Here's How to Watch the Delta Aquariid Meteor Shower Peak This Week

how to watch delta aquariid meteor shower

The Delta Aquariid meteor shower is underway, and it's not a bad way to whet your appetite for August's total solar eclipse. The shower is a long-ranging and usually lasts from early-to-mid July through mid-to-late August. 

This year, the shower is expected to last from July 12 to August 23, and it will peak July 27 and 28. The shower can produce 10-20 meteors per hour at its peak. With a full moon on August 7, that leaves waxing crescent moons around the peak dates. If that means nothing to you, fear not, it's simply good news for your ability to see as many meteors as possible. Earth Sky suggests the best time to watch will be between midnight at dawn, with 2 am local time being best around the world. 

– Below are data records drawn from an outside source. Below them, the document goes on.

(* Under the setting below, assume moreover that $f_\Theta^\star$ is strictly decreasing and continuous from $[0,\infty)$ onto $(0,1]$, with inverse $f_\Theta^{\star-1}$. Then each marginal satisfies $\Pr(X_i> x)=f_\Theta^\star(x)$ for $x\ge0$, and the survival copula $C$ of $(X_1,\dots,X_n)$, i.e. the function with $\Pr(X_1> x_1,\dots,X_n> x_n)=C\big(f_\Theta^\star(x_1),\dots,f_\Theta^\star(x_n)\big)$, is given for $u_i\in(0,1]$ by $$C(u_1,\dots,u_n)=\sum_{\ell_1=0}^{m_1}\cdots\sum_{\ell_n=0}^{m_n}\beta_{\ell_1,\dots,\ell_n}\,f_\Theta^\star\Big(\sum_{i=1}^n \ell_i\, f_\Theta^{\star-1}(u_i)\Big),$$ with $$\beta_{\ell_1,\dots,\ell_n}=\sum_{\nu_1=0}^{\ell_1}\cdots\sum_{\nu_n=0}^{\ell_n}(-1)^{\sum_{i=1}^n(\ell_i-\nu_i)}\Big[\prod_{i=1}^n\binom{m_i-\nu_i}{m_i-\ell_i}\Big]\Big[\prod_{i=1}^n\binom{m_i}{\nu_i}\Big]\alpha\Big(\tfrac{\nu_1}{m_1},\dots,\tfrac{\nu_n}{m_n}\Big).$$
   Context: Setting: $n\ge2$, $m_1,\dots,m_n\ge1$ integers; $\alpha$ is a real function on the grid $\prod_i\{0,\tfrac1{m_i},\dots,1\}$ such that $C_B(u_1,\dots,u_n)=\sum_{\nu_1=0}^{m_1}\cdots\sum_{\nu_n=0}^{m_n}\alpha(\tfrac{\nu_1}{m_1},\dots,\tfrac{\nu_n}{m_n})\prod_{i=1}^n\binom{m_i}{\nu_i}u_i^{\nu_i}(1-u_i)^{m_i-\nu_i}$ is a copula on $[0,1]^n$. $(Z_1,\dots,Z_n)$ has standard exponential marginals and joint survival function $\Pr(Z_1>z_1,\dots,Z_n>z_n)=C_B(e^{-z_1},\dots,e^{-z_n})$. $\Theta$ is a positive random variable independent of $(Z_1,\dots,Z_n)$ with density $f_\Theta$ and Laplace transform $f_\Theta^\star(s)=E[e^{-s\Theta}]$, and $X_i=Z_i/\Theta$. *)

From HB Require Import structures.
From mathcomp Require Import all_boot all_order all_algebra.
From mathcomp Require Import all_classical all_reals all_analysis.
Set Implicit Arguments. Unset Strict Implicit. Unset Printing Implicit Defensive.
Import Order.TTheory GRing.Theory Num.Theory numFieldNormedType.Exports.
Local Open Scope classical_set_scope.
Local Open Scope ring_scope.

Section defs.
Variable R : realType.

Definition copula (n : nat) (C : ('I_n -> R) -> R) : Prop :=
  [/\
      (forall u : 'I_n -> R, (forall i, 0 <= u i <= 1) ->
         (exists i, u i = 0) -> C u = 0),
      (forall (u : 'I_n -> R) (i : 'I_n), 0 <= u i <= 1 ->
         (forall j, j != i -> u j = 1) -> C u = u i) &
      (* n-increasing: nonnegative C-volume of every box [a,b] in [0,1]^n *)
      (forall a b : 'I_n -> R, (forall i, 0 <= a i /\ a i <= b i /\ b i <= 1) ->
         0 <= \sum_(e : {ffun 'I_n -> bool})
                (-1) ^+ #|[set i | ~~ e i]| * C (fun i => if e i then b i else a i))].

(* a bound for all the m_i, used to index multi-indices nu with nu_i <= m_i *)
Definition mmax (n : nat) (m : 'I_n -> nat) : nat := \max_(i < n) m i.

Definition bernstein_copula (n : nat) (m : 'I_n -> nat) (alpha : ('I_n -> R) -> R)
  (u : 'I_n -> R) : R :=
  \sum_(nu : {ffun 'I_n -> 'I_(mmax m).+1} | [forall i, (nu i <= m i)%N])
     alpha (fun i => (nu i)%:R / (m i)%:R) *
     \prod_(i < n) ('C(m i, nu i)%:R * u i ^+ nu i * (1 - u i) ^+ (m i - nu i)).

Definition beta_coef (n : nat) (m : 'I_n -> nat) (alpha : ('I_n -> R) -> R)
  (l : 'I_n -> nat) : R :=
  \sum_(nu : {ffun 'I_n -> 'I_(mmax m).+1} | [forall i, (nu i <= l i)%N])
     (-1) ^+ (\sum_(i < n) (l i - nu i))%N *
     (\prod_(i < n) 'C(m i - nu i, m i - l i)%:R) *
     (\prod_(i < n) 'C(m i, nu i)%:R) *
     alpha (fun i => (nu i)%:R / (m i)%:R).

Additionally, the Aquariids overlap with the Perseid meteor shower, meaning there will be a few Perseids in the sky on peak nights. However, the Perseids, which peak on August 12 and 13 and are generally much more spectacular, will be a little tough to see this year, according to Earth Sky, unlike last year's beautiful display.

It's possible to view the shower in the Northern Hemisphere, but the shower is said to be at its most spectacular in the Southern Hemisphere, where the peak times produce closer to 15-20 meteors per hour. Nonetheless, Earth Sky says they're certainly visible in the Northern Hemisphere, particularly at "mid-northern latitudes."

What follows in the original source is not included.